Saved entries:
____

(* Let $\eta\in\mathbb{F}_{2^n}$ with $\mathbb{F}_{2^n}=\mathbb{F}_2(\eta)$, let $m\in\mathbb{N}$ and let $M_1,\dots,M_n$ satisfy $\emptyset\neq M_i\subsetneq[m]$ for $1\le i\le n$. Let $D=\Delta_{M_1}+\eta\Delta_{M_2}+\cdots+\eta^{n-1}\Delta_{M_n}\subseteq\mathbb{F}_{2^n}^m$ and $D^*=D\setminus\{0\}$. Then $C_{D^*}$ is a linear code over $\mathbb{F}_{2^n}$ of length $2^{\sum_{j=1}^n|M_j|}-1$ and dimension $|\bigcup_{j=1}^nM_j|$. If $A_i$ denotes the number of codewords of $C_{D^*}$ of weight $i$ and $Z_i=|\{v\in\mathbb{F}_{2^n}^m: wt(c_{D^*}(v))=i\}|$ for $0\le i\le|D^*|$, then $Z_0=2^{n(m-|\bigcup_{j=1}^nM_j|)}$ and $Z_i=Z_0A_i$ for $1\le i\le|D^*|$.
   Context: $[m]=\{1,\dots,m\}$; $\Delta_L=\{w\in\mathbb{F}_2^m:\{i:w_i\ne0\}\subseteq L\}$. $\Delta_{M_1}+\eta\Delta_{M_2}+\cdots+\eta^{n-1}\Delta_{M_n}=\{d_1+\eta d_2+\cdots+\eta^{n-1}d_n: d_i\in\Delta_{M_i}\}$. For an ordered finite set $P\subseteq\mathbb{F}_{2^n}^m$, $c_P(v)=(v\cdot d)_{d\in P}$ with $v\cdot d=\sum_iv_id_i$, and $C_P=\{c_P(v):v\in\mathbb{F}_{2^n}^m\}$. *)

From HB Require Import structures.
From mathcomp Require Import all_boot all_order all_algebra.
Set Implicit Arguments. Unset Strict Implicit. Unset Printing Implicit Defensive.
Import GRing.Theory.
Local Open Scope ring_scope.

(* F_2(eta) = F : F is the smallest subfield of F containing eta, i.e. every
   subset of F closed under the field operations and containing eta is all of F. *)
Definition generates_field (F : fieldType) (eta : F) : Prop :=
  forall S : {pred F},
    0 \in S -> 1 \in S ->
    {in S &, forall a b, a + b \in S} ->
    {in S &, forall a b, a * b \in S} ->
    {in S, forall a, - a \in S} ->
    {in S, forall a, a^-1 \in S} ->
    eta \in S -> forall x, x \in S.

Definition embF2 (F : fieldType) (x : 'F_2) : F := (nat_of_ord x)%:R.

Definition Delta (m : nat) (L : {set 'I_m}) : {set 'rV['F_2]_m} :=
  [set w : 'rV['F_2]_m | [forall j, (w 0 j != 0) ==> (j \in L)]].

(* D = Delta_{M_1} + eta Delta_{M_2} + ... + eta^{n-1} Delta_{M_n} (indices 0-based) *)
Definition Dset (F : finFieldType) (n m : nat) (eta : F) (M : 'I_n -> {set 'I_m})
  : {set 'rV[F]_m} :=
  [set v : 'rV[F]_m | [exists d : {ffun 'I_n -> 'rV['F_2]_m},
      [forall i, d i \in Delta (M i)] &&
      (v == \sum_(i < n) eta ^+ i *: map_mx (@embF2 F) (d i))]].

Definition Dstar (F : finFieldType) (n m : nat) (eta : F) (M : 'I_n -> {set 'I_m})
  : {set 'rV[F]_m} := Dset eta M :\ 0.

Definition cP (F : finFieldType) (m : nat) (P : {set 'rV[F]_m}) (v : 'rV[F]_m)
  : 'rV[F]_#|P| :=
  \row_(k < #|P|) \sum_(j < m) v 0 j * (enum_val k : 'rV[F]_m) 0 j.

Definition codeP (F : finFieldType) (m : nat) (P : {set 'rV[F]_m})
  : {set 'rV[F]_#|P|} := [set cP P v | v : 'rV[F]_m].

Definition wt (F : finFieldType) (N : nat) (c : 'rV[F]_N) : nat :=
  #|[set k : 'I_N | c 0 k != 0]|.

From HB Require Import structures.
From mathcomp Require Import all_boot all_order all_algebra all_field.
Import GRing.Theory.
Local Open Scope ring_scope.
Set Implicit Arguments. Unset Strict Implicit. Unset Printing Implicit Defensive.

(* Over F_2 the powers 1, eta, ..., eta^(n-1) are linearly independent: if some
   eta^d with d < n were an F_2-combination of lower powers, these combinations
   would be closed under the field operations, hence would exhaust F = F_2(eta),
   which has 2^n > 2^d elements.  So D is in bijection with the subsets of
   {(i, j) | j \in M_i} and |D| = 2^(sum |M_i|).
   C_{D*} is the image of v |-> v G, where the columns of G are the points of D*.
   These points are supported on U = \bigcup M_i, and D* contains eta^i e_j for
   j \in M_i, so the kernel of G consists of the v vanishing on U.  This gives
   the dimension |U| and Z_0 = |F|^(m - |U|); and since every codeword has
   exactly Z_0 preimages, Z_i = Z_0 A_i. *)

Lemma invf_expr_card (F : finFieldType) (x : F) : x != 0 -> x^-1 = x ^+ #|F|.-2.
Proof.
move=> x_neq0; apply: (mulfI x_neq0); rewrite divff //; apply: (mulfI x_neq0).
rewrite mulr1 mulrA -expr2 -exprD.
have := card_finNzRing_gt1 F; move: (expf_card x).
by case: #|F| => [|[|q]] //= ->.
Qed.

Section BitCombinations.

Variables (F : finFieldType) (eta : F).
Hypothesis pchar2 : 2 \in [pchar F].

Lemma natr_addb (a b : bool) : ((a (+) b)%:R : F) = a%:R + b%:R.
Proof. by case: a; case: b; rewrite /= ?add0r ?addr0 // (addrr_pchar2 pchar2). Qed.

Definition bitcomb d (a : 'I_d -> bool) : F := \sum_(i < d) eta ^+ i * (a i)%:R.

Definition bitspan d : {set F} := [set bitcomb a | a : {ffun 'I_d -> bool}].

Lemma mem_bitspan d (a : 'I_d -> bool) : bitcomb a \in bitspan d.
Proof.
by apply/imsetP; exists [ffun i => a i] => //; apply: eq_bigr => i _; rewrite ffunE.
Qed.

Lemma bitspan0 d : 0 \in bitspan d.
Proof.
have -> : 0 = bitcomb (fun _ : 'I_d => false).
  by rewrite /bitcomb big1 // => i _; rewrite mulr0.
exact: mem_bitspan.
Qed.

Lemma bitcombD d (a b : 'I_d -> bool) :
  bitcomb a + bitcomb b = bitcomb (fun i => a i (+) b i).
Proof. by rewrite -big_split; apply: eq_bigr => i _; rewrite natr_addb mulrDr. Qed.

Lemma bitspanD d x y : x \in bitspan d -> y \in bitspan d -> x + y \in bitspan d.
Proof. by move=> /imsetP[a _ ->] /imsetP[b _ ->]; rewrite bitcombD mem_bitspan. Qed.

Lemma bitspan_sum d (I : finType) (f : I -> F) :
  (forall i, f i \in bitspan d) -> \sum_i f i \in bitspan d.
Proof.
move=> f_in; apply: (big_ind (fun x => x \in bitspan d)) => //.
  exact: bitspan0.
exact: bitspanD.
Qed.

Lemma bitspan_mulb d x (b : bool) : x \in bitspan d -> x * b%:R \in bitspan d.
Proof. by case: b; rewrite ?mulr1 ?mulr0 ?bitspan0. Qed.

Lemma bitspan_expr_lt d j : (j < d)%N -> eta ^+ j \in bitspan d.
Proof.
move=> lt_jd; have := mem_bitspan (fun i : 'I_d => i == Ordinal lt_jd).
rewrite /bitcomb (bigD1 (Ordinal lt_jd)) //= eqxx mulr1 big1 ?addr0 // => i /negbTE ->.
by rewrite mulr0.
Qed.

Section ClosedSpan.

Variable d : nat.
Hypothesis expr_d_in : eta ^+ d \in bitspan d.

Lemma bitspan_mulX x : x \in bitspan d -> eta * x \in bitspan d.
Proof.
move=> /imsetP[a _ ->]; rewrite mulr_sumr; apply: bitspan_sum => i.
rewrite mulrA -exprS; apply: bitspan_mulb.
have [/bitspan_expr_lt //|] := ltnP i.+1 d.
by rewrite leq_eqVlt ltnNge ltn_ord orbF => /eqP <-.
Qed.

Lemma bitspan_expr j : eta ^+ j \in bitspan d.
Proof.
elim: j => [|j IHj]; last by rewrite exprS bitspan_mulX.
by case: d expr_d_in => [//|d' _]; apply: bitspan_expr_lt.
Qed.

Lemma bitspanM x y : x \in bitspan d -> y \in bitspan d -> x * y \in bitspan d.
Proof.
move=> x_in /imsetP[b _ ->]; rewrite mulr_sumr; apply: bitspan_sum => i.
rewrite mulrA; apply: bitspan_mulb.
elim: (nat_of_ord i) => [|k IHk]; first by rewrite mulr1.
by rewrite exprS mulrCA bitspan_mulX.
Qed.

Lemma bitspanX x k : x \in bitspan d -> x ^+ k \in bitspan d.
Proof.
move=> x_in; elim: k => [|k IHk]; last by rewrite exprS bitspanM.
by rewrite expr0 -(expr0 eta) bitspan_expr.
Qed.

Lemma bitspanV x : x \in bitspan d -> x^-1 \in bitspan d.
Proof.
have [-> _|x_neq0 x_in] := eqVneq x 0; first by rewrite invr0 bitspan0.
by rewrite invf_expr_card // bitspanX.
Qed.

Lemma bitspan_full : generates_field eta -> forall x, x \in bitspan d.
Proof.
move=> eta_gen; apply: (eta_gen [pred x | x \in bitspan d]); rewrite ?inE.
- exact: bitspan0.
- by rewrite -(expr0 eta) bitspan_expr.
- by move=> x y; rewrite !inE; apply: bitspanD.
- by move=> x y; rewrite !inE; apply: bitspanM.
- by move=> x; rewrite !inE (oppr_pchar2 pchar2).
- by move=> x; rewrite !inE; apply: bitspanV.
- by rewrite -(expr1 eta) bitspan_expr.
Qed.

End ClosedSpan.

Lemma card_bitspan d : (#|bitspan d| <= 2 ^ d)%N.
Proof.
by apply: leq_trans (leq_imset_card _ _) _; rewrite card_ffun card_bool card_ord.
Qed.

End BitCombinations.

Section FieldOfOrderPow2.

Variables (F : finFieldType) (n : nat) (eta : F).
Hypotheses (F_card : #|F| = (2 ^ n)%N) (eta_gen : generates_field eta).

____

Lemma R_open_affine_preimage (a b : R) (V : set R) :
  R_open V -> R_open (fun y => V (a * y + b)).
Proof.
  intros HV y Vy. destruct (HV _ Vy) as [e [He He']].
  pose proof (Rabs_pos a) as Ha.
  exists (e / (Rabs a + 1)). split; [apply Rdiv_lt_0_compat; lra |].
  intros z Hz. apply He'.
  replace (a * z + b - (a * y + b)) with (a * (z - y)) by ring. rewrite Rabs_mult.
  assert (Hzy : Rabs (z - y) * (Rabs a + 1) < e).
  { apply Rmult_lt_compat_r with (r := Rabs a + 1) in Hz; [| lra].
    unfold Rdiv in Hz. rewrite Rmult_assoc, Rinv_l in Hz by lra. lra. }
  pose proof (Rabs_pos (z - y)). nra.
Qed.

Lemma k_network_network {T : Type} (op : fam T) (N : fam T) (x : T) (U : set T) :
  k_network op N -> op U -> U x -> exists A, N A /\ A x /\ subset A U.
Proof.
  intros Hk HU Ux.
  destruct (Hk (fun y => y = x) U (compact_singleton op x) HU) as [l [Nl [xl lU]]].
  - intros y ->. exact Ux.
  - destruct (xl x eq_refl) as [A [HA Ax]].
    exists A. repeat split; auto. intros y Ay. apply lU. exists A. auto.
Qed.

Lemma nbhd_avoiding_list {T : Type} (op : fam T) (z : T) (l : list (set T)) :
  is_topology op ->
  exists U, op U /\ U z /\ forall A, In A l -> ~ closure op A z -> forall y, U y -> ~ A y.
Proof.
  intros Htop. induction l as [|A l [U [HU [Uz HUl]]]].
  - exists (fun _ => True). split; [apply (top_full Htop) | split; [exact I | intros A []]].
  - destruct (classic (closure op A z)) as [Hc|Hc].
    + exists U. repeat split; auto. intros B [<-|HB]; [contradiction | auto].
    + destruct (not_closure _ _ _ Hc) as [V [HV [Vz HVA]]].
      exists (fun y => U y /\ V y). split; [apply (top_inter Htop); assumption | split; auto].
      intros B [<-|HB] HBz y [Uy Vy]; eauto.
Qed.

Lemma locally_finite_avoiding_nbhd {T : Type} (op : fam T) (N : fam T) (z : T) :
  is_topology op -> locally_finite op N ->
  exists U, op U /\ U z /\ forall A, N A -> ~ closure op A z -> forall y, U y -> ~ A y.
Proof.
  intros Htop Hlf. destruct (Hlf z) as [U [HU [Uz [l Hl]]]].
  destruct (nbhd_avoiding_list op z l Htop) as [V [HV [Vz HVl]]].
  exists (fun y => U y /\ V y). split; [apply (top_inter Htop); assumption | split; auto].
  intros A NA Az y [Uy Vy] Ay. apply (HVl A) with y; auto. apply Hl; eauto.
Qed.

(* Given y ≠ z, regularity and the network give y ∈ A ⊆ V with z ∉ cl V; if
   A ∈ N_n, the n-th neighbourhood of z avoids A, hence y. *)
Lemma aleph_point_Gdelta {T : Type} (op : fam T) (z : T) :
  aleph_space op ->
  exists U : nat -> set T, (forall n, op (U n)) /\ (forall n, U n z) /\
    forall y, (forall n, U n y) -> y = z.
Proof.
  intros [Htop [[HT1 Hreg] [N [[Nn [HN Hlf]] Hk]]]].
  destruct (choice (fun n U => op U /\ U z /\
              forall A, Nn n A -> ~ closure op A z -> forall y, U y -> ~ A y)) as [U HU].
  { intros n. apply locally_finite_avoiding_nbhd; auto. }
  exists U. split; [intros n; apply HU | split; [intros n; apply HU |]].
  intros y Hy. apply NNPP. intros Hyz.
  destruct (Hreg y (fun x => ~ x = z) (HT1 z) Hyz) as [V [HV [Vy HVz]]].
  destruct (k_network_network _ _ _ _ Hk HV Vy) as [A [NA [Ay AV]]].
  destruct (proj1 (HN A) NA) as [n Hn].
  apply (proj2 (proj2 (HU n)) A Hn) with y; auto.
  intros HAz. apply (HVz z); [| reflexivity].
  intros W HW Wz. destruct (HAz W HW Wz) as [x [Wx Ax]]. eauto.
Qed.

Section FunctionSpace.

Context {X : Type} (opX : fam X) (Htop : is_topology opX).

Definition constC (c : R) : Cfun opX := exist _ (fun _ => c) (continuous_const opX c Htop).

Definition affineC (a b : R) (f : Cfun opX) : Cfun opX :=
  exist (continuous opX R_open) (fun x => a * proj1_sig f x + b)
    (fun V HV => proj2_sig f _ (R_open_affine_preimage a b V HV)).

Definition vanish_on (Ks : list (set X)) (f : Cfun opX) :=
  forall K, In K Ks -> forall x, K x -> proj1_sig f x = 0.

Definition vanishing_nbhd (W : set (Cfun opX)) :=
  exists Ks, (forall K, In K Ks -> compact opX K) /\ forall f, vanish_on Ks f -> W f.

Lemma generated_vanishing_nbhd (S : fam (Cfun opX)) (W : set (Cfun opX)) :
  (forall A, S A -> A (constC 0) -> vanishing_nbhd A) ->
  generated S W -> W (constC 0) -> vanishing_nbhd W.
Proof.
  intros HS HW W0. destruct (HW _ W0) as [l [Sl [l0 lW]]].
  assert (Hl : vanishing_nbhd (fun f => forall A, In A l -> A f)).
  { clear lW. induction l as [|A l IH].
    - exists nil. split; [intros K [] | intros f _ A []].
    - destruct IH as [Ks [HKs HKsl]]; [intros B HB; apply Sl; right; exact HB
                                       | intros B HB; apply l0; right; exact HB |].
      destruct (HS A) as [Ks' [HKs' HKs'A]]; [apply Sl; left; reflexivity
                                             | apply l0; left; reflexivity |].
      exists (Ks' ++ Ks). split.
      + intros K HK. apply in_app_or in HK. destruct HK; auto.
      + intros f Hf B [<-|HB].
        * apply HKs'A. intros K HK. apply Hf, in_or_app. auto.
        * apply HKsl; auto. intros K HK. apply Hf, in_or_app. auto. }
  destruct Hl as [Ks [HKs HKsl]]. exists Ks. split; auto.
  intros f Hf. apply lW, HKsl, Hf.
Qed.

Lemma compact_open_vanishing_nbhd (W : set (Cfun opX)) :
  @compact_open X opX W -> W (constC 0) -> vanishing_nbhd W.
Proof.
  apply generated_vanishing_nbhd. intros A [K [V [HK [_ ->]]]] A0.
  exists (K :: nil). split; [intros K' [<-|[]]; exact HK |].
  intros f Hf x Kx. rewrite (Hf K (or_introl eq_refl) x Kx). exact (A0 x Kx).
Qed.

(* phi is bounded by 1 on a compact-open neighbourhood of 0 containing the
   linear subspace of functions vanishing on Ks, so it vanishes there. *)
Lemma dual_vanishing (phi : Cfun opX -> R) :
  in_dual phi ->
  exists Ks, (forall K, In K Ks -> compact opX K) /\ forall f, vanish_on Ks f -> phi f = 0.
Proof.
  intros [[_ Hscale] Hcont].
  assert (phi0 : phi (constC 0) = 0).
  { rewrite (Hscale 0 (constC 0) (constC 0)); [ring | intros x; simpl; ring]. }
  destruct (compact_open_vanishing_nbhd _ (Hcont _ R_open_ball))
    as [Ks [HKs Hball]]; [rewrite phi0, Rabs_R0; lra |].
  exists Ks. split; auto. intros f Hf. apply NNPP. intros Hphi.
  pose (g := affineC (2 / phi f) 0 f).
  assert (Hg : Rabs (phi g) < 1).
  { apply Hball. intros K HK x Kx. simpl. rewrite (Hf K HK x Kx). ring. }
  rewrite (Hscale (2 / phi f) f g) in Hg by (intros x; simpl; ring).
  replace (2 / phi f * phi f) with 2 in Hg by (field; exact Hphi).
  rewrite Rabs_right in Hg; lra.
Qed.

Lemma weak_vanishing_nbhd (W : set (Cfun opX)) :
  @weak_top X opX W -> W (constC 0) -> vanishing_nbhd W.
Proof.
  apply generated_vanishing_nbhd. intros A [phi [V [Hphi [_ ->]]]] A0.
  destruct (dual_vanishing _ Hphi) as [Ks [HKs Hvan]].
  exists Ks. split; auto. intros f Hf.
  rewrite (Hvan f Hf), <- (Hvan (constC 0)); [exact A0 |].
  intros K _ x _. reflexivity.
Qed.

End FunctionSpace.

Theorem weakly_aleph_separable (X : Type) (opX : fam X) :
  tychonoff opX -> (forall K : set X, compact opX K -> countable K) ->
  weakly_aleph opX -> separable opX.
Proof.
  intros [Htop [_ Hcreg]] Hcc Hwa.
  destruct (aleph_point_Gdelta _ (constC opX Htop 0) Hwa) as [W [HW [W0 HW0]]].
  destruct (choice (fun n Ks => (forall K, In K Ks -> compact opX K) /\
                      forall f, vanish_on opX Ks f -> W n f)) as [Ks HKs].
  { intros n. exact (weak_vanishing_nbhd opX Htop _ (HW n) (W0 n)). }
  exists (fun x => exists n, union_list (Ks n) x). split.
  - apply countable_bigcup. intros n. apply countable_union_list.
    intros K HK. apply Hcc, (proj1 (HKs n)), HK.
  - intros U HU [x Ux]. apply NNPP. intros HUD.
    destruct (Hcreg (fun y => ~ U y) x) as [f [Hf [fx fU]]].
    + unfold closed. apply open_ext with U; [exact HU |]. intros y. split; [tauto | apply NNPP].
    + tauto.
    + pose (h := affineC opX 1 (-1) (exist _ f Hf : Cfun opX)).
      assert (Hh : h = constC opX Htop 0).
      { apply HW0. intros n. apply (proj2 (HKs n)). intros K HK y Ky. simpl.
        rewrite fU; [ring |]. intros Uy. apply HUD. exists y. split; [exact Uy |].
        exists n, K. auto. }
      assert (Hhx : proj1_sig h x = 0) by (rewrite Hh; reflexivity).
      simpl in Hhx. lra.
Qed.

____

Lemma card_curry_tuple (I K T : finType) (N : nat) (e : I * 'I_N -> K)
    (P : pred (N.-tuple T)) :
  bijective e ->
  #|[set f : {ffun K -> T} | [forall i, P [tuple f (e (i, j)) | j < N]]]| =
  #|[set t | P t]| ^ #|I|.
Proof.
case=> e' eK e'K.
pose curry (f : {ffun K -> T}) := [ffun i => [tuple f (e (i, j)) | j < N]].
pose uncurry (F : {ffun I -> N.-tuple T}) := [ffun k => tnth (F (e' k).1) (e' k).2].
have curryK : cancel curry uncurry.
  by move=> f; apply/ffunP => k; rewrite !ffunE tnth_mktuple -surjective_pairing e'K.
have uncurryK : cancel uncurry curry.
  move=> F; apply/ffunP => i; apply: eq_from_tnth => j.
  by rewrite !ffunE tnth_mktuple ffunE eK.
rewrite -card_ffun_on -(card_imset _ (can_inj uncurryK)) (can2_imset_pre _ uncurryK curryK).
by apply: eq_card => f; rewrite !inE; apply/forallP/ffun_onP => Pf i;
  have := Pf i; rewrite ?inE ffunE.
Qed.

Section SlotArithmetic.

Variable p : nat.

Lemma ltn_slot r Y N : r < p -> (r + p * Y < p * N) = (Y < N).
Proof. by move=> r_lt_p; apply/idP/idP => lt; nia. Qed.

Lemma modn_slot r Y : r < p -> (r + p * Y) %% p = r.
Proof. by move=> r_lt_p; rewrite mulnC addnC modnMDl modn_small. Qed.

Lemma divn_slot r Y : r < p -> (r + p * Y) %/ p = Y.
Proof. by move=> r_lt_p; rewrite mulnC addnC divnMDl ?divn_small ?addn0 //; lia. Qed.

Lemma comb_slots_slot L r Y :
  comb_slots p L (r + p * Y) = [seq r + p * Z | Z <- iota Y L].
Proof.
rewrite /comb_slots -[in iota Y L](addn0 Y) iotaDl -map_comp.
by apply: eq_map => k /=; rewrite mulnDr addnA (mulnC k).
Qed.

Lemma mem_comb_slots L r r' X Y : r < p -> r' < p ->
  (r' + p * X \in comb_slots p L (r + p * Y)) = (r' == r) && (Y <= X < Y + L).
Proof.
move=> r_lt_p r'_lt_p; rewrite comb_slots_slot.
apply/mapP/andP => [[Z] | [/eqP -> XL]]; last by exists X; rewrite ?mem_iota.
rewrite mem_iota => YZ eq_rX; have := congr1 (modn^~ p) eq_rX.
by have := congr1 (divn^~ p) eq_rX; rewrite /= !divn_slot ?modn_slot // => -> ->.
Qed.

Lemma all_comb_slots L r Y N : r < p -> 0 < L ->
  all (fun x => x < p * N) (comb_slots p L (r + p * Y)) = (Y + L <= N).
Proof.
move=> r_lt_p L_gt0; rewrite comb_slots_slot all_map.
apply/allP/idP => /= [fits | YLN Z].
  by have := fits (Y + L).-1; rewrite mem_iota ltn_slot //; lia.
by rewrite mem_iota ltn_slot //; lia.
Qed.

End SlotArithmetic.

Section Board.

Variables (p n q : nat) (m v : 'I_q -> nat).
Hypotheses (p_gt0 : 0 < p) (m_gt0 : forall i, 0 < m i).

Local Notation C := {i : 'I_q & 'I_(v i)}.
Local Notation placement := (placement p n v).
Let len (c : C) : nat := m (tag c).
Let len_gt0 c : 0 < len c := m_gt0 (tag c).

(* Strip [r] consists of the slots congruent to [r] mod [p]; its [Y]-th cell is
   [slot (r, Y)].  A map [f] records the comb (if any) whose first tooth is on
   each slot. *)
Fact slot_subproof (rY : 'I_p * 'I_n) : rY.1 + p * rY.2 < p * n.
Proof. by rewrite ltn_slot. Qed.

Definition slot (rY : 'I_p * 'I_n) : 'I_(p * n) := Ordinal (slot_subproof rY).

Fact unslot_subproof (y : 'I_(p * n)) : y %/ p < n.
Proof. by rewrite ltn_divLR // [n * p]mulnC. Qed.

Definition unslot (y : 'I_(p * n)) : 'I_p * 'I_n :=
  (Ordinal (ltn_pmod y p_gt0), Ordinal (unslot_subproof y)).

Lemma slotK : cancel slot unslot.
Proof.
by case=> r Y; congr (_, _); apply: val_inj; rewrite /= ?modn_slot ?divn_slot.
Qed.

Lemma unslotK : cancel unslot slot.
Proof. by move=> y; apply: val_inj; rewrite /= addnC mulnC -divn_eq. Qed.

____

Which lines of the data contain "induction"? Copy them all.

  intros Htop. induction l as [|A l [U [HU [Uz HUl]]]].
  { clear lW. induction l as [|A l IH].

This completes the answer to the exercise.